После ужина Ахматджан и Шараф пересчитывали всю ложечную наличность и сдавали на кухню. А столовая превращалась в клуб. Стулья составлялись в ряды, столы отодвигались к стенке; исходя из программы вечера, натягивался экран, выкатывался рояль или устанавливалась трибуна. Лежачих приносили на носилках и укладывали впереди, у импровизированной сцены. На столах и стульях рассаживались ходячие. Показывали кино, выступали лекторы, артисты, писатели, музыканты. Среди них было немало всесоюзно известных знаменитостей, приехавших в эвакуацию из Москвы, Ленинграда, Киева.
Побывала у нас в гостях и самодеятельность женского эвакогоспиталя; был и такой госпиталь в Ташкенте.

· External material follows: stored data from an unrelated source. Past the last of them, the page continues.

(* A lies in the set of objects m whose basic open {P | m in P} is covered by
   finitely many W i; a prime avoiding that set would lie in U but in no W i. *)
Lemma Spc_quasicompact_basic (A : K) (U : Spc K -> Prop) :
  (forall P, U P <-> proj1_sig P A) -> Spc_quasicompact U.
Proof.
move=> hU I W hW cover.
pose fincov m :=
  exists s : list I, forall P : Spc K, proj1_sig P m -> exists i, List.In i s /\ W i P.
suff [s hs] : fincov A by exists s => P /hU; apply: hs.
have fincov_tensG m m' : fincov m -> fincov m' -> fincov ((m \ot G) \ot m').
  move=> [s hs] [s' hs']; exists (s ++ s') => P.
  by case/(prime_tensG hG (proj2_sig P)) => [/hs | /hs'] [i [si Wi]];
    exists i; split=> //; apply: List.in_or_app; [left | right].
have cover_fincov P i : W i P -> exists2 B, fincov B & proj1_sig P B.
  case/Spc_openP: (hW i) => S hS /hS [B SB PB]; exists B => //.
  by exists [:: i] => Q QB; exists i; split; [left | apply/hS; exists B].
apply: NNPP => nA.
have [P PA] : exists P : Spc K, proj1_sig P A.
  apply: NNPP => nP; apply: nA; exists nil => P PA.
  by case: nP; exists P.
have [i Wi] := cover P (proj2 (hU P) PA).
have [B0 fB0 _] := cover_fincov P i Wi.
have [|Q [pQ AQ Qfin]] := exists_prime_avoiding fincov_tensG (ex_intro _ B0 fB0)
                           (I := ideal_closure A).
  split=> [|//|m [s hs] Am]; first exact: ideal_closure_ideal.
  apply: nA; exists s => P' P'A; apply: hs; apply: Am; split=> //.
  by case: (proj2_sig P').
pose Q' : Spc K := exist _ Q pQ.
have [j Wj] := cover Q' (proj2 (hU Q') (AQ A (ideal_closure_self (A := A)))).
have [B fB QB] := cover_fincov Q' j Wj.
exact: Qfin B fB QB.
Qed.

End Spectrum.

Theorem mainTheorem15 (K : MDC) (G : K) (hG : thick_generated_by G)
    (U : Spc K -> Prop) :
  (Spc_open U /\ Spc_quasicompact U) <->
  exists A : K, forall P : Spc K, U P <-> ~ Vsupp A P.
Proof.
split=> [[oU qU] | [A hA]].
  have [A hA] := Spc_quasicompact_open_basic hG oU qU.
  by exists A => P; rewrite not_Vsupp.
have hU P : U P <-> proj1_sig P A by rewrite hA not_Vsupp.
split; first exact: Spc_open_basic hU.
exact: (Spc_quasicompact_basic hG hU).
Qed.
(* Write N = 2m + 1 and let H be the subgroup of S of the matrices that differ
   from 1 only in their first column and last row.  H is normal in S, and the
   commutator of two elements of H is 1 + c E, where E is the matrix unit of the
   bottom-left corner; such elements are central in S.  Testing an element X of
   S against the elements 1 + a E_(r,1) - a^q E_(N,N+1-r) (+ a corner term) of
   H shows that X centralises H only if X = 1 + c E, because a^q differs from a
   for some a.  Hence 1 <= H <= S is an Oliver chain: three commutators with H
   kill Omega_1(S), one commutator with S kills C_S(H), and p - 1 >= 3. *)

Section OliverCriterion.
Local Open Scope group_scope.
Variables (gT : finGroupType) (p : nat).
Implicit Types (X Y : {set gT}) (G S A : {group gT}).

Lemma Omega1_sub G : Omega1 p G \subset G.
Proof. by rewrite gen_subG; apply/subsetP => x /setIdP[]. Qed.

Lemma comm_iter_sub1 X Y k d :
  comm_iter X Y k \subset [1] -> comm_iter X Y (d + k) \subset [1].
Proof.
move=> trivXY; elim: d => // d IHd.
by rewrite addSn /comm_iter iterS (subset_trans (commSg Y IHd)) // comm1G.
Qed.

Lemma comm_iter_eq1 X Y k k' : (0 < k')%N -> (k <= k')%N ->
  comm_iter X Y k \subset [1] -> comm_iter X Y k' = 1.
Proof.
move=> k'_gt0 le_kk' /(comm_iter_sub1 (k' - k)); rewrite subnK //.
by case: k' k'_gt0 {le_kk'} => // k' _; rewrite /comm_iter iterS => /trivgP.
Qed.

(* Witnessed by the chain 1 <= A <= S. *)
Lemma oliver_subgroup_self S A : (3 <= p.-1)%N -> A <| S ->
  [~: A, A] \subset 'C(S) -> 'C_S(A) \subset 'C(S) -> is_oliver_subgroup p S S.
Proof.
move=> p3 nsAS sAA_ZS sCA_ZS; have [sAS nAS] := andP nsAS.
have p1_gt0 : (0 < p.-1)%N := leq_trans (isT : 0 < 3)%N p3.
split=> [||K nsKS _]; [exact: normal_refl | | exact: normal_sub nsKS].
exists 2, (fun i => if i is 0 then 1%G else if i is 1 then A else S).
split=> //; first by case=> [|[]] //= _; rewrite sub1G.
  by case=> [|[|[]]] //= _; rewrite ?normal1 ?normal_refl.
case=> [|[|[]]] //= _.
- apply: (comm_iter_eq1 (k := 3) p1_gt0 p3).
  have sOA_A : [~: Omega1 p 'C_S(1), A] \subset A.
    by rewrite commg_subr (subset_trans (Omega1_sub _)) // subIset ?nAS.
  rewrite /comm_iter /=.
  apply: subset_trans (commSg A (subset_trans (commSg A sOA_A) sAA_ZS)) _.
  by rewrite (commG1P (centS sAS)).
- apply: (comm_iter_eq1 (k := 1) p1_gt0 p1_gt0).
  rewrite /comm_iter /=; apply: subset_trans (commSg S (subset_trans (Omega1_sub _) sCA_ZS)) _.
  by rewrite (commG1P (subxx _)).
Qed.

End OliverCriterion.

Local Open Scope ring_scope.

Lemma ord_neq_max_lt n (k : 'I_n.+1) : k != ord_max -> (k < n)%N.
Proof.
move=> neq_k; rewrite ltn_neqAle -ltnS ltn_ord andbT.
by apply: contra neq_k => /eqP k_n; apply/eqP/val_inj.
Qed.

Lemma ord_neq0_gt0 n (k : 'I_n.+1) : k != ord0 -> (0 < k)%N.
Proof. by move=> neq_k; rewrite lt0n; apply: contra neq_k => /eqP k0; apply/eqP/val_inj. Qed.

Section EntriesDelta.
Variable R : nzRingType.

Lemma mul_mx_deltaE m k p (M : 'M[R]_(m, k)) (x : 'I_k) (y : 'I_p) i j :
  (M *m delta_mx x y) i j = M i x * (j == y)%:R.
Proof.
rewrite mxE (bigD1 x) //= big1 ?addr0 => [|l /negPf nlx]; first by rewrite mxE eqxx.
by rewrite mxE nlx mulr0.
Qed.

Lemma mul_delta_mxE m k p (x : 'I_m) (y : 'I_k) (M : 'M[R]_(k, p)) i j :
  (delta_mx x y *m M) i j = (i == x)%:R * M y j.
Proof.
rewrite mxE (bigD1 y) //= big1 ?addr0 => [|l /negPf nly]; first by rewrite mxE eqxx andbT.
by rewrite mxE nly andbF mul0r.
Qed.

End EntriesDelta.

Section LowerUnitriangular.
Variables (R : nzRingType) (n : nat).
Implicit Types A B N : 'M[R]_n.+1.

Local Notation Plast := (delta_mx ord_max ord_max : 'M[R]_n.+1).
Local Notation Pfirst := (delta_mx ord0 ord0 : 'M[R]_n.+1).

Lemma lower_unitriP A :
  reflect ((forall i j : 'I_n.+1, (i < j)%N -> A i j = 0) /\ forall i, A i i = 1)
          (lower_unitri A).
Proof.
apply: (iffP forallP) => [lowA | [A0 A1] i].
  split=> [i j lt_ij | i].
    by have /forallP/(_ j)/andP[/implyP/(_ lt_ij)/eqP] := lowA i.
  by have /forallP/(_ i)/andP[_ /implyP/(_ (eqxx i))/eqP] := lowA i.
apply/forallP => j; apply/andP.
by split; apply/implyP; [move/A0-> | move/eqP <-; rewrite A1].
Qed.

Lemma lower_unitri_upper A (i j : 'I_n.+1) : lower_unitri A -> (i < j)%N -> A i j = 0.
Proof. by case/lower_unitriP => A0 _; apply: A0. Qed.

Lemma lower_unitri_diag A i : lower_unitri A -> A i i = 1.
Proof. by case/lower_unitriP. Qed.

Lemma lower_unitri1 : lower_unitri (1%:M : 'M[R]_n.+1).
Proof.
apply/lower_unitriP; split=> [i j lt_ij | i]; rewrite mxE ?eqxx //.
by rewrite -val_eqE (ltn_eqF lt_ij).
Qed.

Lemma lower_unitri_1D N :
  (forall i j : 'I_n.+1, (i <= j)%N -> N i j = 0) -> lower_unitri (1 + N).
Proof.
move=> N0; apply/lower_unitriP; split=> [i j lt_ij | i]; rewrite !mxE ?N0 ?eqxx ?addr0 //.
  by rewrite -val_eqE (ltn_eqF lt_ij).
exact: ltnW.
Qed.

Lemma lower_unitriM A B : lower_unitri A -> lower_unitri B -> lower_unitri (A *m B).
Proof.
move=> lowA lowB; apply/lower_unitriP; split=> [i j lt_ij | i]; rewrite mxE.
  apply: big1 => k _; have [lt_ik | le_ki] := ltnP i k.
    by rewrite (lower_unitri_upper lowA lt_ik) mul0r.
  by rewrite (lower_unitri_upper lowB (leq_ltn_trans le_ki lt_ij)) mulr0.
rewrite (bigD1 i) //= big1 => [|k neq_ki].
  by rewrite !lower_unitri_diag ?mulr1 ?addr0.
have [lt_ik | lt_ki | /val_inj eq_ik] := ltngtP i k; last by rewrite eq_ik eqxx in neq_ki.
  by rewrite (lower_unitri_upper lowA lt_ik) mul0r.
by rewrite (lower_unitri_upper lowB lt_ki) mulr0.
Qed.

Lemma lower_unitri_mul_last A : lower_unitri A -> A *m Plast = Plast.
Proof.
move=> lowA; apply/matrixP => i j; rewrite mul_mx_deltaE mxE.
have [-> | neq_in] := eqVneq i ord_max; first by rewrite lower_unitri_diag ?mul1r.
by rewrite lower_unitri_upper ?mul0r ?ord_neq_max_lt.
Qed.

Lemma lower_unitri_first_mul A : lower_unitri A -> Pfirst *m A = Pfirst.
Proof.
move=> lowA; apply/matrixP => i j; rewrite mul_delta_mxE mxE.
have [-> | neq_j0] := eqVneq j ord0; first by rewrite lower_unitri_diag ?mulr1 ?andbT.
by rewrite andbF lower_unitri_upper ?mulr0 ?ord_neq0_gt0.
Qed.

End LowerUnitriangular.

Прекрасная самодеятельность. Только артистических костюмов у девчонок не было. А были такие же, как у нас, халаты неопределенного цвета, из-под которых выглядывало все то же мужское белье армейского образца. Но это не смущало исполнительниц — наших боевых подруг — разведчиц, радисток, медсестер, раненных, как и мы, в боях с врагом. Выступал хор — двенадцать славных девчонок — блондинок, брюнеток, рыженьких. У запевалы не было руки, хористки стояли на костылях, на протезах. Все были веселы, задорно смеялись. А у меня сердце кровью обливалось, я впервые видел столько девушек-калек…
Нечто подобное испытывали и другие зрители.
— Пока они вместе, то многое воспринимается ими иначе, — сказал Кульпин, когда мы вернулись в палату — я на костылях, он на носилках. — Но наступит время, и придет такая певунья-хохотунья безрукой калекой в свою деревню. А вокруг десятки молодых, цветущих, невоевавших девиц. А ей надо будет как-то жить, работать, создавать свою семью, если кто-нибудь возьмет ее замуж… Что ждет ее дальше? Ведь жизнь, она вон какая длинная… — Он отмерил ладонями целый метр…
А что ждет нас, всех вместе и каждого в отдельности?
Я все надеялся, что на утреннем обходе Анна Ефимовна мне наконец скажет: «Ну вот, собирайся на комиссию, а потом домой». Однажды она присела на краешек моей койки и стала пристально разглядывать на свет мой снимок.
— Дела идут неплохо, — сказала она, пряча снимок в конверт. — Мозоль окрепла, надо чистить кость.
— Чистить? Разве она у меня грязная?
Анна Ефимовна потрепала меня по щеке.
— В новом костном образовании гниют, не получая никакого питания, остатки старой кости. Маленькие такие осколочки. У тебя же остеомиелит. Если запустить, то можно и ноги лишиться…
И меня стали готовить к операции. Пока еще не врачи, а соседи по палате, все люди умудренные, побывавшие не один раз под хирургическим ножом. Давали советы, ободряли, успокаивали, что почти не больно.
— По-настоящему начинаешь чувствовать, когда наркоз отходит, — сказал Кульпин. — Но все ведь уже позади, не страшно, хуже не будет.
— А я полагаю, что во время операции надо что-нибудь веселенькое в голове держать, — посоветовал Гетта. — Ну, например, думать про ту козу, которая в стоге сена жила.
— Якобы жила, — уточнил Лепендин. — Это еще доказать надо!
Ощепков тут же ринулся в бой:
— Чего доказывать? Я же вам говорил, свояк видел. Брехать он не будет.
— Свояк-то не будет, — подбросил Семка Лепендин палку в давно потухший жостер.
— Так, значит, я брешу! — взъерепенился Ощепков.